SD Times news digest: OctoML to accelerate ML deployment, Windows Community Toolkit 7.0, and SQLAlchemy 1.4 released

by Joseph K. Clark

OctoML announced that it raised $28 million in a Series B funding round to accelerate ML deployment. 

OctoML said it will use the funding to double its team and launch Octomizer, its self-serve SaaS product.

The company is also building a Machine Learning Acceleration Platform that automatically maximizes model performance while enabling seamless deployment on any hardware, cloud provider, or edge service.  Additional details are available here.

Windows Community Toolkit 7.0


The updated version contains a new .NET Standard MVVM library, easier to use Toast Notification helpers for both .NET and UWP, a wholly revamped composition Animation system for C# & XAML, as well as new controls. 

The Microsoft.Toolkit.Mvvm package makes it easier to abstract the base Model and ViewModel logic from an application later in the process, especially for projects that target multiple UI frameworks, according to Michael A. Hawker, a senior software engineer for Windows & Devices, in a blog post.

Microsoft added that some new package structures and breaking changes have primarily affected the Animations and Controls packages. 

SQLAlchemy 1.4 released

SQLAlchemy features a significant rethink of some of the most prominent APIs in Core and ORM, new internals, and a wide range of powerful new features and capabilities. 

The highlights include a unified approach around a revised and more-capable select() construct, a revised declarative mapping system, universally transparent caching of  SQL compilation for both Core and ORM, and more.  SQLAlchemy 1.4 is the starting point for the SQLAlchemy 2.0 project, entirely moving to Python 3.  Additional details on the new release are available here.

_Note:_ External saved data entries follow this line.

Lemma copy_in_K4 (i : 'I_k) (e : {set V + ('I_k * bool)}) :
  T_addable E u v -> #|e| = 3 -> e \notin H -> {subset e <= codom (copy_in i)} ->
  has_berge_K4 (e |: H).
Proof.
move=> [_ _ sat1] e3 eH /imset_preimset e_eq; set e1 := copy_in i @^-1: e in e_eq.
have e1_3 : #|e1| = 3 by rewrite -e3 -e_eq card_imset //; exact: copy_in_inj.
have e1_new : e1 \notin add_T_copies E 1 u v.
  by apply: contra eH => /(copy_in_edge i); rewrite e_eq.
apply: (has_berge_K4_imset (copy_in_inj i) _ (sat1 _ e1_3 e1_new)) => x.
rewrite !in_setU1 => /orP [/eqP ->|/(copy_in_edge i) ->]; last by rewrite orbT.
by rewrite e_eq eqxx.
Qed.

Lemma add_T_copies_cases (e : {set V + ('I_k * bool)}) : 0 < k ->
  (exists i j b c, [/\ i != j, inr (i, b) \in e & inr (j, c) \in e]) \/
  exists i, {subset e <= codom (copy_in i)}.
Proof.
move=> k_gt0.
case: (pickP [pred y | if y is inr _ then y \in e else false]) => [[//|[i b]] /= ibe|no_new].
  have [/existsP [[j c] /andP [jce ji]]|/existsPn same] :=
    boolP [exists jc : 'I_k * bool, (inr jc \in e) && (jc.1 != i)].
    by left; exists i, j, b, c; rewrite eq_sym.
  right; exists i => -[w _|[j c] jce]; apply/codomP; first by exists (inl w).
  by exists (inr (ord0, c)); move: (same (j, c)); rewrite jce /= negbK => /eqP ->.
right; exists (Ordinal k_gt0) => -[w _|[i b] ibe]; first by apply/codomP; exists (inl w).
by move: (no_new (inr (i, b))); rewrite /= ibe.
Qed.

Lemma add_T_copies_saturated :
  0 < k -> berge_K4_saturated E -> u != v -> T_addable E u v -> berge_K4_saturated H.
Proof.
move=> k_gt0 Esat uv Tadd; have [E3 noK4 _] := Esat.
split; [exact: uniform3_add_T_copies | exact: add_T_copies_noK4 |] => e e3 eH.
have [h hE /andP [uh vh]] := T_addable_edge Esat uv Tadd.
case: (add_T_copies_cases e k_gt0) => [[i [j [b [c [ij ibe jce]]]]]|[i e_copy]].
- exact: two_copies_K4 hE uh vh uv ij ibe jce.
- exact: copy_in_K4 Tadd e3 eH e_copy.
Qed.
End Saturation.

Section TwoT.
Variables (V : finType) (E : {set {set V}}) (u v u' v' : V).
Local Notation F := (add_two_T E u v u' v').
(* [a n] is the paper's a_(n+1), so [e] is a_1 a_2 a_3. *)
Let a (n : nat) : V + 'I_4 := inr (inord n).
Let A := [set a 0; a 1; inl u].
Let B := [set a 0; a 1; inl v].
Let C := [set a 2; a 3; inl u'].
Let D := [set a 2; a 3; inl v'].
Let e := [set a 0; a 1; a 2].
Local Notation G := (e |: F).

Lemma a_eq n m : n < 4 -> m < 4 -> (a n == a m) = (n == m).
Proof.
move=> n4 m4; rewrite /a (inj_eq inr_inj).
by apply/eqP/eqP => [/(congr1 val)|->]; rewrite /= ?inordK.
Qed.

Lemma a_inl n w : (a n == inl w) = false.
Proof. by []. Qed.

Lemma add_two_TP x :
  x \in F -> (exists2 h, h \in E & x = inl @: h) \/ x \in [set A; B; C; D].
Proof.
by rewrite /add_two_T /= in_setU => /orP [/imsetP [h hE ->]|]; [left; exists h | right].
Qed.

Lemma two_T_edge_a3 x : x \in G -> a 3 \in x -> x \in [set C; D].
Proof.
rewrite in_setU1 => /orP [/eqP ->|/add_two_TP [[h _ ->]|]]; first by rewrite !inE !a_eq.
  by rewrite /a inr_in_inl_imset.
by rewrite !inE -!orbA => /or4P [] /eqP ->; rewrite !inE ?a_eq ?a_inl ?eqxx ?orbT.
Qed.

Lemma two_T_edge_a01 x : x \in G -> (a 0 \in x) || (a 1 \in x) -> x \in [set e; A; B].
Proof.
rewrite in_setU1 => /orP [/eqP ->|/add_two_TP [[h _ ->]|]]; first by rewrite !inE !eqxx.
  by rewrite /a !inr_in_inl_imset.
by rewrite !inE -!orbA => /or4P [] /eqP ->; rewrite !inE ?a_eq ?a_inl ?eqxx ?orbT.
Qed.

Lemma two_T_edge_a2 x : x \in G -> a 2 \in x -> x \in [set e; C; D].
Proof.
rewrite in_setU1 => /orP [/eqP ->|/add_two_TP [[h _ ->]|]]; first by rewrite !inE !eqxx.
  by rewrite /a inr_in_inl_imset.
by rewrite !inE -!orbA => /or4P [] /eqP ->; rewrite !inE ?a_eq ?a_inl ?eqxx ?orbT.
Qed.

Lemma two_T_old_a01 x w : x \in [set e; A; B] -> inl w \in x -> w \in [set u; v].
Proof.
rewrite !inE -orbA => /or3P [] /eqP ->; rewrite !inE ?a_inl ?(inj_eq inl_inj) //=.
all: by move=> ->; rewrite ?orbT.
Qed.

Lemma two_T_old_a2 x w : x \in [set e; C; D] -> inl w \in x -> w \in [set u'; v'].
Proof.
rewrite !inE -orbA => /or3P [] /eqP ->; rewrite !inE ?a_inl ?(inj_eq inl_inj) //=.
all: by move=> ->; rewrite ?orbT.
Qed.

Section TwoTK4.
Variables (f : 'I_4 -> V + 'I_4) (g : 'I_4 -> 'I_4 -> {set V + 'I_4}).
Hypothesis fgK4 : is_berge_K4 G f g.

Lemma two_T_K4_not_a3 c : f c != a 3.
Proof.
apply/eqP => fc; suff : 3 <= #|[set C; D]| by rewrite leqNgt ltnS card_set2_le.
by apply: (K4_deg fgK4 (c := c)) => x xG; rewrite fc; exact: two_T_edge_a3.
Qed.

Lemma two_T_K4_a01 c d : c != d -> f c \in [set a 0; a 1] -> f d \notin [set a 0; a 1].
Proof.
move=> cd fc; apply/negP => fd.
suff : 5 <= #|[set e; A; B]| by rewrite leqNgt (leq_ltn_trans (card_set3_le _ _ _)).
apply: (K4_deg2 fgK4 cd) => x xG /orP [] fx; apply: two_T_edge_a01 => //.
- by case/set2P: fc fx => <- ->; rewrite ?orbT.
- by case/set2P: fd fx => <- ->; rewrite ?orbT.
Qed.

Lemma two_T_K4_core : ~ has_berge_K4 F ->
  exists c2 c01, [/\ c2 != c01, f c2 = a 2 & f c01 \in [set a 0; a 1]].
Proof.
move=> noK4; have [f_inj [gP _]] := fgK4.
have [i [j [ij gij]]] := berge_K4_setU1 fgK4 noK4; have ij' : i != j by rewrite neq_ltn ij.
have [_] := gP i j ij; rewrite gij => fi fj.
have e_a2 y : y \in e -> y \notin [set a 0; a 1] -> y = a 2.
  by rewrite !inE -orbA => /or3P [] /eqP -> //; rewrite eqxx ?orbT.
have [fi01|fi2] := boolP (f i \in [set a 0; a 1]).
  have fj2 := e_a2 _ fj (two_T_K4_a01 ij' fi01).
  by exists j, i; rewrite eq_sym.
exists i, j; split; rewrite ?(e_a2 _ fi fi2) //.
by apply: contraR ij' => fj2; rewrite (f_inj i j) // (e_a2 _ fi fi2) (e_a2 _ fj fj2).
Qed.

Lemma two_T_K4_other_core c2 c01 d : f c2 = a 2 -> f c01 \in [set a 0; a 1] ->
  d != c2 -> d != c01 ->
  exists2 w, f d = inl w & (w \in [set u; v]) && (w \in [set u'; v']).
Proof.
rewrite ![d == _]eq_sym => fc2 fc01 c2d c01d; have [f_inj _] := fgK4.
case fd: (f d) => [w|n]; last first.
  have fdn : f d = a n by rewrite fd /a inord_val.
  case: n {fd} fdn => [[|[|[|[|?]]]] ?] //= fdn.
  - by have := two_T_K4_a01 c01d fc01; rewrite fdn /a !inE eqxx.
  - by have := two_T_K4_a01 c01d fc01; rewrite fdn /a !inE eqxx orbT.
  - by move: c2d; rewrite (f_inj c2 d) ?eqxx // fc2 fdn.
  - by have := two_T_K4_not_a3 d; rewrite fdn eqxx.
exists w => //; apply/andP; split.
- have [x_G fc01x fdx] := K4_edgeP fgK4 c01d; rewrite fd in fdx.
  apply: two_T_old_a01 fdx; apply: two_T_edge_a01 x_G _.
  by case/set2P: fc01 fc01x => <- ->; rewrite ?orbT.
- have [x_G fc2x fdx] := K4_edgeP fgK4 c2d; rewrite fd in fdx; rewrite fc2 in fc2x.
  exact: two_T_old_a2 (two_T_edge_a2 x_G fc2x) fdx.
Qed.
End TwoTK4.

Lemma add_two_T_not_saturated :
  u != v -> u' != v' -> [set u; v] != [set u'; v'] -> ~ berge_K4_saturated F.
Proof.
move=> uv uv' uvu'v' [_ noK4 satF].
have e3 : #|e| = 3 by rewrite card_set3 ?a_eq.
have e_new : e \notin F.
  apply/negP => /add_two_TP [[h _ /setP/(_ (a 0))]|].
    by rewrite /a inr_in_inl_imset !inE eqxx.
  rewrite !inE -!orbA => /or4P [] /eqP /setP eE;
    [move: (eE (a 2)) | move: (eE (a 2)) | move: (eE (a 0)) | move: (eE (a 0))];
    by rewrite !inE ?a_eq ?a_inl ?eqxx ?orbT.
have [f [g fgK4]] := satF e e3 e_new; have [f_inj _] := fgK4.
have [c2 [c01 [c21 fc2 fc01]]] := two_T_K4_core fgK4 noK4.
have /cards2P [k [l [kl kl_def]]] : #|~: [set c2; c01]| == 2.
  by rewrite cardsCs setCK cards2 c21 card_ord.
have : (k \in ~: [set c2; c01]) && (l \in ~: [set c2; c01]) by rewrite kl_def !inE !eqxx orbT.
rewrite !inE !negb_or => /andP [/andP [kc2 kc01] /andP [lc2 lc01]].
have [wk fk /andP [wk_uv wk_uv']] := two_T_K4_other_core fgK4 fc2 fc01 kc2 kc01.
have [wl fl /andP [wl_uv wl_uv']] := two_T_K4_other_core fgK4 fc2 fc01 lc2 lc01.
have wkl : wk != wl by apply: contraNneq kl => wkl; apply/eqP/f_inj; rewrite fk fl wkl.
by rewrite (set2_eq_of_mem wkl wk_uv wl_uv) (set2_eq_of_mem wkl wk_uv' wl_uv') eqxx in uvu'v'.
Qed.
End TwoT.

Theorem lemma2p1 (V : finType) (E : {set {set V}}) :
  berge_K4_saturated E ->
  (forall u v : V, u != v -> T_addable E u v ->
     forall k : nat, 0 < k -> berge_K4_saturated (add_T_copies E k u v)) /\
  (forall u v u' v' : V, u != v -> u' != v' -> [set u; v] != [set u'; v'] ->
     ~ berge_K4_saturated (add_two_T E u v u' v')).
Proof.
move=> Esat; split=> [u v uv Tadd k k_gt0|u v u' v'].
- exact: add_T_copies_saturated.
- exact: add_two_T_not_saturated.
Qed.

Auth0 Next.js SDK released

The new offering makes it easier for developers to add authentication to their Next.js apps. Next-auth0 does this by adding server-side login, logout, and session management and also offers a suite of tools to help developers access the user’s session from the server and client-side.

There are multiple data-fetching strategies, with the two predominant ones being fetching user data client-side and fetching user data server-sides, which determines how developers should set up next-auth0.

A detailed setup on how to get started for choosing the right type of authentication with next-auth0 is available here.